**Exercise goal:** The answer is to be an exact copy of the lines below running from the line with "by rewrite big_ord_recr IH" down to the line with "by move=> i _; rewrite natrD opprD.", both ends included, and nothing more.

(Records excerpted from a collection)
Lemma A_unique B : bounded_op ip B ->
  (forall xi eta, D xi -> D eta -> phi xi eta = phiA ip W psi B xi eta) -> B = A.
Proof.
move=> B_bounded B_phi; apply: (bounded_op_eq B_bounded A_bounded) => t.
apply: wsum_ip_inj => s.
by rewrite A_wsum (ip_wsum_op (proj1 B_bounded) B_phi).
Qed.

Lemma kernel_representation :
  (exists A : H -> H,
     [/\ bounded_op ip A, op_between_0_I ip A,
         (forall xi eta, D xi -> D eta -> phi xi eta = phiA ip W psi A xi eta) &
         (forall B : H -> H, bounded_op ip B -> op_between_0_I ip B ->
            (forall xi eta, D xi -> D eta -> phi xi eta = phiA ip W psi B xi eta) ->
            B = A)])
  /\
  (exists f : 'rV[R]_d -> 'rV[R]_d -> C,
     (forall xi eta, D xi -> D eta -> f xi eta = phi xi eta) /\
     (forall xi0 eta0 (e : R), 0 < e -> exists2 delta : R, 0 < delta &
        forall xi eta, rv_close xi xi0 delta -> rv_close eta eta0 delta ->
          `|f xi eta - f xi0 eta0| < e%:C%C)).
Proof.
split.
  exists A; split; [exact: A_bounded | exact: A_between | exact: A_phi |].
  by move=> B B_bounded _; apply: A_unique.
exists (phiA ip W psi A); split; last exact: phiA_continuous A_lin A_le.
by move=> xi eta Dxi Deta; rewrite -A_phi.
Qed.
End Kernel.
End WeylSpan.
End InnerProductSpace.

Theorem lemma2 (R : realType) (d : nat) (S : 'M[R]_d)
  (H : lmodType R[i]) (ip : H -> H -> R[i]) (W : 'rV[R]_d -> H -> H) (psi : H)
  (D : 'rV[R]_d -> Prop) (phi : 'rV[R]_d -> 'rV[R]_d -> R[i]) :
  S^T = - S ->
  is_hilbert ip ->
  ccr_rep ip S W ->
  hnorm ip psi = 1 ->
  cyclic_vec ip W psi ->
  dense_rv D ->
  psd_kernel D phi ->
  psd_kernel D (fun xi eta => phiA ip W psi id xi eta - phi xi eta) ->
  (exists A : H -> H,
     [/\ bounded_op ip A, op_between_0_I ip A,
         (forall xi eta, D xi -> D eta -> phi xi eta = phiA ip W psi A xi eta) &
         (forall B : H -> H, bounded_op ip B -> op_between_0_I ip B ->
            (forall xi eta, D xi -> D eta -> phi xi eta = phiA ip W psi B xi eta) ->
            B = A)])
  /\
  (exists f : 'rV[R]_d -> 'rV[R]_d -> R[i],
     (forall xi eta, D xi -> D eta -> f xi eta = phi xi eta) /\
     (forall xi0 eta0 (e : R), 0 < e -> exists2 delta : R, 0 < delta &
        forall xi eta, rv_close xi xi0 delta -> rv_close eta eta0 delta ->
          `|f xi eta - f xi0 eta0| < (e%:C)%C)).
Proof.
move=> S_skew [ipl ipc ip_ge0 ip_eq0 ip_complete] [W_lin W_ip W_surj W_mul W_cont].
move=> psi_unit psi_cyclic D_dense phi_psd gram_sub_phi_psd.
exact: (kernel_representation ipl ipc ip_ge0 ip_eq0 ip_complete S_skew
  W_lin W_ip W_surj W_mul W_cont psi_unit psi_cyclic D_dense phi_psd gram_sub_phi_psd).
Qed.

...

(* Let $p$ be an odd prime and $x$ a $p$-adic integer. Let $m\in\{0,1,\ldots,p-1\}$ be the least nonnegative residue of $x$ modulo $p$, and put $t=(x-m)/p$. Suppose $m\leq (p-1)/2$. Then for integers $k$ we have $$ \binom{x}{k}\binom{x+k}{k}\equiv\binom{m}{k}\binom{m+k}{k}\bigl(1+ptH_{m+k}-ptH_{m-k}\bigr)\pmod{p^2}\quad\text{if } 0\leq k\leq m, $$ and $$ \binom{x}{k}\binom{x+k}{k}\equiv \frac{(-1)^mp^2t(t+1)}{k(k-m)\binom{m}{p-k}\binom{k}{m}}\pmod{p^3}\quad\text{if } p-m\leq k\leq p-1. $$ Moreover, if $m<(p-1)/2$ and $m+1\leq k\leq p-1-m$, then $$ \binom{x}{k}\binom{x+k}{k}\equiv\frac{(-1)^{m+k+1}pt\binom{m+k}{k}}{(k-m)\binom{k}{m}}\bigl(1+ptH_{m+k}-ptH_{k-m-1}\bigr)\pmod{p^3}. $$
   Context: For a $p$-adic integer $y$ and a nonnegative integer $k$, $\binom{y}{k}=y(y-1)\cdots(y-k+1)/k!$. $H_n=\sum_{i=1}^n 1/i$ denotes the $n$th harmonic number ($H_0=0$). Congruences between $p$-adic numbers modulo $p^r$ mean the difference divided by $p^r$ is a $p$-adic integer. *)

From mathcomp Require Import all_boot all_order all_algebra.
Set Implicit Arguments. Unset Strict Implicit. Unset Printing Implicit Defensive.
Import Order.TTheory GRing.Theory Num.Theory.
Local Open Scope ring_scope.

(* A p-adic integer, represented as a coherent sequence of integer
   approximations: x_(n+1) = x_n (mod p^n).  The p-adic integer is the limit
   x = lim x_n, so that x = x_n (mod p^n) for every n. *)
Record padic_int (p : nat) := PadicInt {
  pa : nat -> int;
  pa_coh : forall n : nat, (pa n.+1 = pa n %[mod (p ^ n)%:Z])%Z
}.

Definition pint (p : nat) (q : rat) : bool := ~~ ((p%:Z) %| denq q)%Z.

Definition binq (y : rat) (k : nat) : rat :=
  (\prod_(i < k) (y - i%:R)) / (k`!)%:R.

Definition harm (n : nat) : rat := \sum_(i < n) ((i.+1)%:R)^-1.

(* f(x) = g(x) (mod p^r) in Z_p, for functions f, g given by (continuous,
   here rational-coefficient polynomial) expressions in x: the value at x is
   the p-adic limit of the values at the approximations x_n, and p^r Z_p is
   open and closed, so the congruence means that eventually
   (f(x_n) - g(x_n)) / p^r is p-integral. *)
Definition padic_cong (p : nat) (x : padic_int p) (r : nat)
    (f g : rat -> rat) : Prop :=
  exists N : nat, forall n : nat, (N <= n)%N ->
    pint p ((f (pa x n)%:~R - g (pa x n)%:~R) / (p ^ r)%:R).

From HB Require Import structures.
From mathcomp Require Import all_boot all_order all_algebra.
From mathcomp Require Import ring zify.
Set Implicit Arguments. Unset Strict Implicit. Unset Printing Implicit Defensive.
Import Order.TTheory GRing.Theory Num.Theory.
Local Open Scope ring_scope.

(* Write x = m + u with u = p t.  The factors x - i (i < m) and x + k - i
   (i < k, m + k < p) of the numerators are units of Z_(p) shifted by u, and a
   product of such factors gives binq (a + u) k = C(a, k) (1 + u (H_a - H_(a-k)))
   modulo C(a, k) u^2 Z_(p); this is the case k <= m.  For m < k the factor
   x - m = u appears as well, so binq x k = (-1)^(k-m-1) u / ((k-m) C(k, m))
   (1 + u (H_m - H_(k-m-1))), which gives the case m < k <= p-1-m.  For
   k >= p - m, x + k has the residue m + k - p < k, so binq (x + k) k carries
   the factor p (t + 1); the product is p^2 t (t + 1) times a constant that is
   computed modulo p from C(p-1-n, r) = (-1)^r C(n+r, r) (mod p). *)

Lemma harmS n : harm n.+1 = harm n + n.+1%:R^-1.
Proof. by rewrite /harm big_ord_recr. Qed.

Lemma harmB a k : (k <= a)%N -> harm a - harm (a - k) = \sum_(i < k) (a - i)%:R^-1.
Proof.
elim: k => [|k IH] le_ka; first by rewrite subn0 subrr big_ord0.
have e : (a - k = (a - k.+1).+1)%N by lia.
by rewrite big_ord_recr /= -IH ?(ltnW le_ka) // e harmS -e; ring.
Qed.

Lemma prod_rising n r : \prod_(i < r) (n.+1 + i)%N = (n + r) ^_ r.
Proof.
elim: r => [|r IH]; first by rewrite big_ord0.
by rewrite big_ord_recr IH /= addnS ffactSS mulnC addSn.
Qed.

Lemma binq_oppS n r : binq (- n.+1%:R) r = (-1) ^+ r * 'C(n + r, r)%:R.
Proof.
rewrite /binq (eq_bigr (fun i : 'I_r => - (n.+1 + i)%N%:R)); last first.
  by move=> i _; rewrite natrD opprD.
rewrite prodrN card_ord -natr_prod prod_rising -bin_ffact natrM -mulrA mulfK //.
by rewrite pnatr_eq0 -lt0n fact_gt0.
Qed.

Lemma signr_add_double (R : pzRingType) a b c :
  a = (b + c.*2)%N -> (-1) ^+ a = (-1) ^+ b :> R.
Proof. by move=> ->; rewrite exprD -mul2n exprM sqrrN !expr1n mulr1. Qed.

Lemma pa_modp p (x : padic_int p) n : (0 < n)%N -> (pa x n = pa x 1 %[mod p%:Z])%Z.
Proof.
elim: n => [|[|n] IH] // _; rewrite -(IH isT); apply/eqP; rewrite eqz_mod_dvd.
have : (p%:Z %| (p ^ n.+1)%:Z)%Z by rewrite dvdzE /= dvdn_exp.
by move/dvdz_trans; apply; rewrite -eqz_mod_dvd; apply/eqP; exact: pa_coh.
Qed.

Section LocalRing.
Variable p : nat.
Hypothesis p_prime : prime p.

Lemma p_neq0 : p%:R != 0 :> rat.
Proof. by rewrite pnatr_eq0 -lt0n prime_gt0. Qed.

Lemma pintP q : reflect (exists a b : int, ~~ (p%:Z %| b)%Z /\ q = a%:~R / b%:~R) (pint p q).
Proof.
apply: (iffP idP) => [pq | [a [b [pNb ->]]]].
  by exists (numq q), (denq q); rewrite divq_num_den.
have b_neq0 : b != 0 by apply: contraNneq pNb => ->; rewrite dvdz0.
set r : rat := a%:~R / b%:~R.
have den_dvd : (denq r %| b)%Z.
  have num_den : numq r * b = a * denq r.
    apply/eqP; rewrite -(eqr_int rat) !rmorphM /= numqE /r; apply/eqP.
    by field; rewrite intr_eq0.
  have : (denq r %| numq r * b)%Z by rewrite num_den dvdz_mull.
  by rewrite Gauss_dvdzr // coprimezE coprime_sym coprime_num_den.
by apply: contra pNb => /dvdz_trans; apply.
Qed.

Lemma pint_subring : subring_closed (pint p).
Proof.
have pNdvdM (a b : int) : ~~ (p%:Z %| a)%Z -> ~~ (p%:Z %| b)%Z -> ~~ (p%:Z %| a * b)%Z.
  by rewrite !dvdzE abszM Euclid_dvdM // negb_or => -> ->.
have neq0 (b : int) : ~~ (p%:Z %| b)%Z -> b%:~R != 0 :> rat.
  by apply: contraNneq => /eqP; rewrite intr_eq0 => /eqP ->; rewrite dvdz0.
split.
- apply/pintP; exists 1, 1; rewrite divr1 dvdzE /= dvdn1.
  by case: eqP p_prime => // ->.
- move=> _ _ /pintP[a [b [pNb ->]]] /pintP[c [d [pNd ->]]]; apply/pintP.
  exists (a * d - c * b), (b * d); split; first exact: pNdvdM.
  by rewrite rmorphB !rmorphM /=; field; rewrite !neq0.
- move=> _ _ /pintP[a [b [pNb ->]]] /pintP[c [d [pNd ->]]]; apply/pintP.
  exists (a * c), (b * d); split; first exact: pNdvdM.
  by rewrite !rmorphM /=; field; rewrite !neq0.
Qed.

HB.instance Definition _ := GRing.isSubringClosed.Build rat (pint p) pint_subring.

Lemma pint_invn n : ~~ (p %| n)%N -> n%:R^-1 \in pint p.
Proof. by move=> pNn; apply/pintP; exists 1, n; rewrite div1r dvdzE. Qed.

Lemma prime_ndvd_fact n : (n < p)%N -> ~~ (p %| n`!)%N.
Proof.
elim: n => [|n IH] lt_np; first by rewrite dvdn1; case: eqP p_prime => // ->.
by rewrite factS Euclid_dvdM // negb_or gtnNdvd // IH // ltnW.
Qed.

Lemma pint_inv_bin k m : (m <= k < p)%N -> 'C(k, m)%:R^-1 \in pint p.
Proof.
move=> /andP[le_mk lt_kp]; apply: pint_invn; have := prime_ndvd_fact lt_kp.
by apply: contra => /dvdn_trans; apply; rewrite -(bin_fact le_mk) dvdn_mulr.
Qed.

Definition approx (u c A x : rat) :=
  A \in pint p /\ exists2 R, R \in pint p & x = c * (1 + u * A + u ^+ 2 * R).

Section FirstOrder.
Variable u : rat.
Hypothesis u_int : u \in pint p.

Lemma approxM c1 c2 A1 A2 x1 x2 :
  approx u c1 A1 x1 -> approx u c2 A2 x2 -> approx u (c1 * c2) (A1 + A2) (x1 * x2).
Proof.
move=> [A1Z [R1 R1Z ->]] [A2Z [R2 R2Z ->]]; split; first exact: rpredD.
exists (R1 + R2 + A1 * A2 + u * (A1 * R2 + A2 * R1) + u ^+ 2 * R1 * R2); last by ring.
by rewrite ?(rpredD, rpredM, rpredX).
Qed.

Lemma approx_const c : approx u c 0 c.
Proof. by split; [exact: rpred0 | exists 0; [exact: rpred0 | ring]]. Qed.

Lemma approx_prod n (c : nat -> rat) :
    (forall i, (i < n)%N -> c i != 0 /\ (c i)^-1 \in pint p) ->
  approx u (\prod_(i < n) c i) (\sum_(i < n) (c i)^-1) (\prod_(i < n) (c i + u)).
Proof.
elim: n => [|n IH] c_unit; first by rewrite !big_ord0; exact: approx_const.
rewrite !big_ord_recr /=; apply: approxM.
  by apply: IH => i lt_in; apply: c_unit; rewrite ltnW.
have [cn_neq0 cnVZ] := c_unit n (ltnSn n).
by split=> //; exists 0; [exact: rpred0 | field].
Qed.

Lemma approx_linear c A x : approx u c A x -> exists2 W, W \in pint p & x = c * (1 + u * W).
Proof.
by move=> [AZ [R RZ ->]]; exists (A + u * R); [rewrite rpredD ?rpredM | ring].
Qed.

**Response below:**
by rewrite big_ord_recr IH /= addnS ffactSS mulnC addSn.
Qed.

Lemma binq_oppS n r : binq (- n.+1%:R) r = (-1) ^+ r * 'C(n + r, r)%:R.
Proof.
rewrite /binq (eq_bigr (fun i : 'I_r => - (n.+1 + i)%N%:R)); last first.
  by move=> i _; rewrite natrD opprD.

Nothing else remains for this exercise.